**Description of the task**
Entries follow. Return each line that contains the word "mulrA".

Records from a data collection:
- Opening Delimiter -

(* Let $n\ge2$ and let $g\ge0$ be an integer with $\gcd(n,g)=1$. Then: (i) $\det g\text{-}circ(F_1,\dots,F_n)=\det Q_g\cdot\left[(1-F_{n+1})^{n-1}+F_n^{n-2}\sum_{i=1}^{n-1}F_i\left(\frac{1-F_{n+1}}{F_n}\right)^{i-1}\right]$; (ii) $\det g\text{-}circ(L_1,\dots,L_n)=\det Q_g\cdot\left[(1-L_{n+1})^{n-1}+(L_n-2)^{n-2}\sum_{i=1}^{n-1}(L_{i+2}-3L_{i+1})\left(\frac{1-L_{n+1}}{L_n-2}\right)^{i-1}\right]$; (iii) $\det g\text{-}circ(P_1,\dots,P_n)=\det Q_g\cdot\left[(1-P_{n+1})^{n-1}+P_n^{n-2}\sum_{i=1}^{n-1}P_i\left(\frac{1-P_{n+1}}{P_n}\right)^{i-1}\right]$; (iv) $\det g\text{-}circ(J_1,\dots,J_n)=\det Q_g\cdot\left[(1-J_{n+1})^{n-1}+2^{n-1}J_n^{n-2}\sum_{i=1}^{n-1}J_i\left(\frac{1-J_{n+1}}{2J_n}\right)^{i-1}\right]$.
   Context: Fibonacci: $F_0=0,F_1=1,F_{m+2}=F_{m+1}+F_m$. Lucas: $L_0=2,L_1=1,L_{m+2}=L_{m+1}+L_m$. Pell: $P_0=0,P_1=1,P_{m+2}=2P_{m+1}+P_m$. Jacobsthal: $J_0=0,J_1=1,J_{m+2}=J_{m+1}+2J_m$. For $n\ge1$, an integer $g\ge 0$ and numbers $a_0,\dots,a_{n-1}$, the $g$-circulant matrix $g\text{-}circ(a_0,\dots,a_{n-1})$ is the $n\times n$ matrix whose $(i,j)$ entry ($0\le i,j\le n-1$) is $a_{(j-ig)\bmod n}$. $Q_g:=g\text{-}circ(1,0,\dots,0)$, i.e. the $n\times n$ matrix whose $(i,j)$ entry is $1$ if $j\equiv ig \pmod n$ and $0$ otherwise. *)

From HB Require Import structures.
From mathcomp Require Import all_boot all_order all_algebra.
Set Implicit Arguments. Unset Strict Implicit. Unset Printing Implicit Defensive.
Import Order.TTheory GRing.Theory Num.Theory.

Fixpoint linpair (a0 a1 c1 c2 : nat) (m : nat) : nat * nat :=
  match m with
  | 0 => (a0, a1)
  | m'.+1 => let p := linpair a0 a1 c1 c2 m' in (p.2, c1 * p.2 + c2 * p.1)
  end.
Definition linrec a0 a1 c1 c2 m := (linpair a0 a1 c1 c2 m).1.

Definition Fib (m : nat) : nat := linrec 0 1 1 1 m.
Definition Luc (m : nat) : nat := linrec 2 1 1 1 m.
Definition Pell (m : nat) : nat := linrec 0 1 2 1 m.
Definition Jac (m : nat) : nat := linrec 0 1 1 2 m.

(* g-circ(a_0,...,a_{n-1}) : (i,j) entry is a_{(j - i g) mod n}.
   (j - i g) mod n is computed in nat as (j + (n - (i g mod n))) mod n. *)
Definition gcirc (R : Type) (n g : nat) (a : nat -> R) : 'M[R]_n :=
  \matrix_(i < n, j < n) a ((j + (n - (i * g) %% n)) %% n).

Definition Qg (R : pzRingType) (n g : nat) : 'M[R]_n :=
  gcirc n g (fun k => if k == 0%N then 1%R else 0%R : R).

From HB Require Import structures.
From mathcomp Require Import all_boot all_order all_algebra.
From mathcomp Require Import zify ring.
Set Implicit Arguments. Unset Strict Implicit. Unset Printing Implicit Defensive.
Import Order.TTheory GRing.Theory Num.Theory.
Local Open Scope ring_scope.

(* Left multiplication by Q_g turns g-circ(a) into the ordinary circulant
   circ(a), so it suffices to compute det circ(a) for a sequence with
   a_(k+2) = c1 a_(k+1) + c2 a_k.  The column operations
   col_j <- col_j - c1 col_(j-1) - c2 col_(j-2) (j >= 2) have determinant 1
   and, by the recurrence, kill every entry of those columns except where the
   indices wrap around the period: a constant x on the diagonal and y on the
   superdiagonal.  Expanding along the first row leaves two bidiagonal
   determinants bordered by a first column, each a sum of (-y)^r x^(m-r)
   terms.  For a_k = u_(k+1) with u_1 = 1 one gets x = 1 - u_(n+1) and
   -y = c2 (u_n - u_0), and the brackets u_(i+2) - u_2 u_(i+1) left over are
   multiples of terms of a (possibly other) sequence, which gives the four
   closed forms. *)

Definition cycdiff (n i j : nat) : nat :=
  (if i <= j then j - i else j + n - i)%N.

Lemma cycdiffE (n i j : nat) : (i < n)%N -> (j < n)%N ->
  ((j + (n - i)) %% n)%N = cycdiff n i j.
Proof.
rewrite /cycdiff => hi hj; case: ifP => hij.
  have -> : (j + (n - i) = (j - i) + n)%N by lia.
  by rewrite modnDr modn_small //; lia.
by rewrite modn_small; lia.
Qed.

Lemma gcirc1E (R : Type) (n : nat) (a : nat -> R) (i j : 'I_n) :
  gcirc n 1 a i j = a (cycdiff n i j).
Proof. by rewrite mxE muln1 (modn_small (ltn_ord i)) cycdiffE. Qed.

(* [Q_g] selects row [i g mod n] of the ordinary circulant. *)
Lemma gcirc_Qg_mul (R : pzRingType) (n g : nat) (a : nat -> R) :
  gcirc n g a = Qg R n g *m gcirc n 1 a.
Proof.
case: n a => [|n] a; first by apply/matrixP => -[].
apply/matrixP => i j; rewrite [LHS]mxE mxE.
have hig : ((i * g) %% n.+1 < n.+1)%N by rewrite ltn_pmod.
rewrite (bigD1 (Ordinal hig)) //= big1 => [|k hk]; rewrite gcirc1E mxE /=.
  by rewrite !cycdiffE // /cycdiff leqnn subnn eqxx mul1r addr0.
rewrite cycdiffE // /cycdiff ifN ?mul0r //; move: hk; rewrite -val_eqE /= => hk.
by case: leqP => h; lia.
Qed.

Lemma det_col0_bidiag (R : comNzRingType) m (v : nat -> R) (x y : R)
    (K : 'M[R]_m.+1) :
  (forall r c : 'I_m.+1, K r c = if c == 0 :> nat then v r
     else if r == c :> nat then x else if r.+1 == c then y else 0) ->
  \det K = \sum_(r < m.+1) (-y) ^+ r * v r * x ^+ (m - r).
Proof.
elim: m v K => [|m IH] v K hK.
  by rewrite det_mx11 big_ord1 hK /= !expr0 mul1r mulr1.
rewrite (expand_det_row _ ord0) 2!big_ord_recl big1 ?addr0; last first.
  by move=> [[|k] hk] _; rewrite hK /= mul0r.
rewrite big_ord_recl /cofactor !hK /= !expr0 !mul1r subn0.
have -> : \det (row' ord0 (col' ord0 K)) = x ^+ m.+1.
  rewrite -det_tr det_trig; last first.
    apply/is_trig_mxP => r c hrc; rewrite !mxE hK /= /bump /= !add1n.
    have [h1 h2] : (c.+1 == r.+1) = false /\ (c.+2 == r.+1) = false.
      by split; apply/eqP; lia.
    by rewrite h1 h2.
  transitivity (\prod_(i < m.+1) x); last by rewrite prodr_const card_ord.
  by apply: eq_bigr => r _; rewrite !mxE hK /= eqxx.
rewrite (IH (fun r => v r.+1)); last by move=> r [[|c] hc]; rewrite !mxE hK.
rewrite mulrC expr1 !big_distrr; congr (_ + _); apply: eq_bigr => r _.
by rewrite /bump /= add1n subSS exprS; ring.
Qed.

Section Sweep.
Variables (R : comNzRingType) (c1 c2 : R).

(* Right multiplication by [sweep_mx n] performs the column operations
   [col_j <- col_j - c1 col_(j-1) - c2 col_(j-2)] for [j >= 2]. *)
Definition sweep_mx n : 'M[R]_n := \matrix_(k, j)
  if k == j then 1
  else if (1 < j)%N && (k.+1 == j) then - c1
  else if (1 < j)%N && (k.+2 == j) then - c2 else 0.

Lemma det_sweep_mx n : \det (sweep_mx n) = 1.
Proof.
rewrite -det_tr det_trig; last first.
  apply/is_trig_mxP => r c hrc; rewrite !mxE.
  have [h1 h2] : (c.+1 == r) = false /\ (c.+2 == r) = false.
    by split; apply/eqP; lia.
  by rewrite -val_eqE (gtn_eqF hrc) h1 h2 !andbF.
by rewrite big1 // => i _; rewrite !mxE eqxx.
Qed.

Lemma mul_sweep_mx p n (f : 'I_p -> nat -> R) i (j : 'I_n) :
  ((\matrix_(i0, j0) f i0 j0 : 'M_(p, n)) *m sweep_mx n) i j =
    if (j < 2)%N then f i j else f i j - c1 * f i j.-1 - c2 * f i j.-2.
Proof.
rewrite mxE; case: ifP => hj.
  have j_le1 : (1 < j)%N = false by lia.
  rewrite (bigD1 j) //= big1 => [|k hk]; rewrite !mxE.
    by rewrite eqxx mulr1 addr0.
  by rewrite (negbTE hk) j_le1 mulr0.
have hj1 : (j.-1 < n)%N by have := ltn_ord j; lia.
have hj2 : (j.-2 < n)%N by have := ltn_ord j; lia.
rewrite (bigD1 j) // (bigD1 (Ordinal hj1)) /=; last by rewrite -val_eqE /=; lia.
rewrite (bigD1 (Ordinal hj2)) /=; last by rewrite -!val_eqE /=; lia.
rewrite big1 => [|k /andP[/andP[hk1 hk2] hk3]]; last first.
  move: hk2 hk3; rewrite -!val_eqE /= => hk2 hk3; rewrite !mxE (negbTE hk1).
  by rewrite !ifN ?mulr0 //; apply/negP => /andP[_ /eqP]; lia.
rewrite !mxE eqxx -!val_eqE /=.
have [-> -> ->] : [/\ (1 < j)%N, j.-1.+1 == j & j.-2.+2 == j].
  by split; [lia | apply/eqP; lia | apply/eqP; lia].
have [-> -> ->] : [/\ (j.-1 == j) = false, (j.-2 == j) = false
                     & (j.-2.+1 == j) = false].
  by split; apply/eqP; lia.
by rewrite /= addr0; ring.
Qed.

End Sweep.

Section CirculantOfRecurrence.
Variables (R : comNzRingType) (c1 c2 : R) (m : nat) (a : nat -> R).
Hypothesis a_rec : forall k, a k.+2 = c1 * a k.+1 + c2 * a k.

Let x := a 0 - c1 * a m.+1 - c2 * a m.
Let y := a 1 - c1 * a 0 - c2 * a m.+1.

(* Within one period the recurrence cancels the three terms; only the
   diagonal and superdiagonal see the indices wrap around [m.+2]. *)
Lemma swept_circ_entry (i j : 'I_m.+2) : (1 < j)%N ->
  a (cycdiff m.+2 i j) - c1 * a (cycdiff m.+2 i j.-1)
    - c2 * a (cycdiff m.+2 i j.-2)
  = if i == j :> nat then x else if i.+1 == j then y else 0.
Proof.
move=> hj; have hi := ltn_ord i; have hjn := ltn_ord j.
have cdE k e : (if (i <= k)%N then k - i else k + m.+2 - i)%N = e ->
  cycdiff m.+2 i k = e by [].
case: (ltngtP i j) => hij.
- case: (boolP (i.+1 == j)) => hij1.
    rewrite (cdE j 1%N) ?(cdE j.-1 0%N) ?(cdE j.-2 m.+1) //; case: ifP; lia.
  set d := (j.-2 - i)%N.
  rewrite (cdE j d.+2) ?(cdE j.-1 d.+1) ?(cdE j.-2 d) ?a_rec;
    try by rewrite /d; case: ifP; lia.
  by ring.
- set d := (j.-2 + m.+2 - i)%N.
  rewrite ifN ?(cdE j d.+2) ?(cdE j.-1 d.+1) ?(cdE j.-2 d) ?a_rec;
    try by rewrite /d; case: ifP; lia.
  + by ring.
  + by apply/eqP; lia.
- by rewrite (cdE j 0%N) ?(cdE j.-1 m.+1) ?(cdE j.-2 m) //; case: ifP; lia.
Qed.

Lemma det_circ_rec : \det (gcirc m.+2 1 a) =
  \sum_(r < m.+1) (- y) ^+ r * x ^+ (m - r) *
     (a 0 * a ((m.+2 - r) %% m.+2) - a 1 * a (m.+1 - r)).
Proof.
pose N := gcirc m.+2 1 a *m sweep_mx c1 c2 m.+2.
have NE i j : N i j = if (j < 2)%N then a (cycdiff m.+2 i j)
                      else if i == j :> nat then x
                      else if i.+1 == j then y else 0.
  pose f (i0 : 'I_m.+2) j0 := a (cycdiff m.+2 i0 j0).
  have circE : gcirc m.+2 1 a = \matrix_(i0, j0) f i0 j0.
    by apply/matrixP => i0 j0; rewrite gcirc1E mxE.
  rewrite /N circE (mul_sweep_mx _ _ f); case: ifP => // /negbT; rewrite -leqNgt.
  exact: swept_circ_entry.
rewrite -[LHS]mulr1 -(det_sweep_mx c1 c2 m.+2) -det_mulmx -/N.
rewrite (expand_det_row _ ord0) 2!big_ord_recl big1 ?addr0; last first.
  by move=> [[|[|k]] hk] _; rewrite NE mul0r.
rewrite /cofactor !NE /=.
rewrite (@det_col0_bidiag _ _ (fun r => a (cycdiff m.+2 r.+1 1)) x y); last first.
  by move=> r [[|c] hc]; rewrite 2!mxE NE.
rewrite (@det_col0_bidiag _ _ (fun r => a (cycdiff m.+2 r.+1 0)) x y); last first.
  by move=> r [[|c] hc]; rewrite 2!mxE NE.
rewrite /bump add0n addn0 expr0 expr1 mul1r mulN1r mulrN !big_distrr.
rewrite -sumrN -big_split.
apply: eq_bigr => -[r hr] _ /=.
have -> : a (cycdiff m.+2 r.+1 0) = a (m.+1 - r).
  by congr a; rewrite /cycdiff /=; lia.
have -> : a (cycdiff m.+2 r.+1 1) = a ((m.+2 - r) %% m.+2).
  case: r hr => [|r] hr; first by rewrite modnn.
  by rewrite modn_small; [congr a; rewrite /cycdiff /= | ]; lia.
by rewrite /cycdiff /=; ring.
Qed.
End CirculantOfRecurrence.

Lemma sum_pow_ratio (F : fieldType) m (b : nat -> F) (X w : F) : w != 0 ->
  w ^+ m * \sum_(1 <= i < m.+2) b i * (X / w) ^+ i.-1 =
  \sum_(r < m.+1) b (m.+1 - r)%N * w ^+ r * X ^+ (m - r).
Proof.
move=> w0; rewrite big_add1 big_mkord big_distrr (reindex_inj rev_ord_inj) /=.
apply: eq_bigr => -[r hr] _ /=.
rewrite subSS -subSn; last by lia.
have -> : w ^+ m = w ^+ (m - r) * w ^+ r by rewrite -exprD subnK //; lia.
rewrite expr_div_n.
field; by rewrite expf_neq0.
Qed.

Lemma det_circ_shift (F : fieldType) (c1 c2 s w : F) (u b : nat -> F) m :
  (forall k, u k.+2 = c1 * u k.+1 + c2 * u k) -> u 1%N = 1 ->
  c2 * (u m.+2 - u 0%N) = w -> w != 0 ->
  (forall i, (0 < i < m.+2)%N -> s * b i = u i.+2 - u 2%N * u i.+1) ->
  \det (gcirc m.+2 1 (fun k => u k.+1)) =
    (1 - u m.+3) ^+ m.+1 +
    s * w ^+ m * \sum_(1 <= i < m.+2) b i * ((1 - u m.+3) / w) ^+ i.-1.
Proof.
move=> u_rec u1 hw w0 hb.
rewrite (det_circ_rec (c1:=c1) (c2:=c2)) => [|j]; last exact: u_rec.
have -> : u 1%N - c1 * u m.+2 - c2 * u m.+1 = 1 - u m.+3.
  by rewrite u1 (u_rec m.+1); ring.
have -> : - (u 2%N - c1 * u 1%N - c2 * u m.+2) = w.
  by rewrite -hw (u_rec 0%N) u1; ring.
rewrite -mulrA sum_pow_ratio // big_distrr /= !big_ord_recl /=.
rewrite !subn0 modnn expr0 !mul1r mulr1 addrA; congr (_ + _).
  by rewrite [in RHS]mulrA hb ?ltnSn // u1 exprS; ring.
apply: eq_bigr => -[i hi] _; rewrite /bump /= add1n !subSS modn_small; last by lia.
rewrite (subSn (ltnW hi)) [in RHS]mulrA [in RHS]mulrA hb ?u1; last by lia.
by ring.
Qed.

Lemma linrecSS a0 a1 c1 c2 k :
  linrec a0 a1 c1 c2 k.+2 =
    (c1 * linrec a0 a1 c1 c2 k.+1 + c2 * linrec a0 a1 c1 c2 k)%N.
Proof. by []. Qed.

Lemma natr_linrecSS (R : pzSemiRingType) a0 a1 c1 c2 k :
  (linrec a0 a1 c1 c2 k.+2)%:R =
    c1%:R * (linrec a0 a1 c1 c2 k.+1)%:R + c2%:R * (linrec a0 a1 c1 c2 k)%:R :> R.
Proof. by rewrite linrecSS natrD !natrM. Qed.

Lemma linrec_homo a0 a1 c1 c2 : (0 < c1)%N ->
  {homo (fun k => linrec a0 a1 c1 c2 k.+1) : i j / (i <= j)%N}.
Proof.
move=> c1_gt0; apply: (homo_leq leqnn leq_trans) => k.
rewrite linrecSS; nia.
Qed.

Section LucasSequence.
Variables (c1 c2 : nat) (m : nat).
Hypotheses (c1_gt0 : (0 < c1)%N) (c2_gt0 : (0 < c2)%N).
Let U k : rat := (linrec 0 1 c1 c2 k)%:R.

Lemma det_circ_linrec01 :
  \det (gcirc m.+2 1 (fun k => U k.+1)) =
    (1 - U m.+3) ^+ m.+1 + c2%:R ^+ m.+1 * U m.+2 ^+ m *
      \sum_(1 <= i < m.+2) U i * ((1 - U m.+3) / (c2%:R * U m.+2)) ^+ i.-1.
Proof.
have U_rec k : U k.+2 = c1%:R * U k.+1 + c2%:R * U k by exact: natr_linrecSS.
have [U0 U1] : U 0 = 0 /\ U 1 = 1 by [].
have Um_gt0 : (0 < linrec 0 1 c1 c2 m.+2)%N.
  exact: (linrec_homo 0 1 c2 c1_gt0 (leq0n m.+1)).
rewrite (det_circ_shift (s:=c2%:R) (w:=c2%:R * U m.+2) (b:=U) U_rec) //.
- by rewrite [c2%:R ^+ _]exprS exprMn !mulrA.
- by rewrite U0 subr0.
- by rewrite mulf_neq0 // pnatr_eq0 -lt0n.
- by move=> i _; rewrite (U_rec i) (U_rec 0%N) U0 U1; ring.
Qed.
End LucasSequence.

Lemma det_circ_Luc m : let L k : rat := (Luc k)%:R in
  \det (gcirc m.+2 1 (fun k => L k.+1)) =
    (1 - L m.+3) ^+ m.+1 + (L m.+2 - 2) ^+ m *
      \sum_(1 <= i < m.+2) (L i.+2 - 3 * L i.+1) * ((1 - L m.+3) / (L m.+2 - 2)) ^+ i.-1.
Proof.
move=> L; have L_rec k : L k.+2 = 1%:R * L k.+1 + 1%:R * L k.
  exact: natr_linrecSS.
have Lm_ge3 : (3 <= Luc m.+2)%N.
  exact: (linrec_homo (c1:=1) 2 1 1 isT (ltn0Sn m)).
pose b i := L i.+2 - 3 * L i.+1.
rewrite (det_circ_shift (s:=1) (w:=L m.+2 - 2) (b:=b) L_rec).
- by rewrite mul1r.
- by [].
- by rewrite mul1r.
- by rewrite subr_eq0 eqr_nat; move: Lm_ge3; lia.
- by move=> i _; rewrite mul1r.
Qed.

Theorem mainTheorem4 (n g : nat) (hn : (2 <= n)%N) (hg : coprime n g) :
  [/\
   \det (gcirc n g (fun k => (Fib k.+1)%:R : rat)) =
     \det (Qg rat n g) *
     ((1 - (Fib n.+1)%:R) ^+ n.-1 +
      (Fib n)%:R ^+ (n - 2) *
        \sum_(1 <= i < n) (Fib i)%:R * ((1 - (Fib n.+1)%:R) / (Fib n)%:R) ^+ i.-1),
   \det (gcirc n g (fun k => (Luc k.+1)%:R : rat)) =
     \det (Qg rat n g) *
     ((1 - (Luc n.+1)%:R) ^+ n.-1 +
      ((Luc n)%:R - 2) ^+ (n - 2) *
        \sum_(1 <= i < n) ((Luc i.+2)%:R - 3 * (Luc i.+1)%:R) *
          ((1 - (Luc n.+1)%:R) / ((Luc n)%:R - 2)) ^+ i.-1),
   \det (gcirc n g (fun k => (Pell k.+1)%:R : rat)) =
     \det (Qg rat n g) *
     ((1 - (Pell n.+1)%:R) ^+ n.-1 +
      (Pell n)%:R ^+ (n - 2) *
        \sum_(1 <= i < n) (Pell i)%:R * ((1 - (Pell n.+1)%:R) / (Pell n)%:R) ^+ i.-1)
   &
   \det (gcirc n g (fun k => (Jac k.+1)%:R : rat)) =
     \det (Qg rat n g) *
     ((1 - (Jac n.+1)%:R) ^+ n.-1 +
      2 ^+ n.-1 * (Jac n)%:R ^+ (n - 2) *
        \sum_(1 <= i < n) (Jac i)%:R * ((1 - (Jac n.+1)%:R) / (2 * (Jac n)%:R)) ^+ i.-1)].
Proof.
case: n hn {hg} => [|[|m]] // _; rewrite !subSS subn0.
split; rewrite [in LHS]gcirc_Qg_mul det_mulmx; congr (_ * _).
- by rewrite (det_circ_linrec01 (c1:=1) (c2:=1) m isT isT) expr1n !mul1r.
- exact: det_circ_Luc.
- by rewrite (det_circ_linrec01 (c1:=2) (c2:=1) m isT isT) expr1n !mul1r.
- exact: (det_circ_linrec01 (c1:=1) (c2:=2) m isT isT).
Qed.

- Closing Delimiter -

**Response box**
rewrite -mulrA sum_pow_ratio // big_distrr /= !big_ord_recl /=.
  by rewrite [in RHS]mulrA hb ?ltnSn // u1 exprS; ring.
rewrite (subSn (ltnW hi)) [in RHS]mulrA [in RHS]mulrA hb ?u1; last by lia.
- by rewrite [c2%:R ^+ _]exprS exprMn !mulrA.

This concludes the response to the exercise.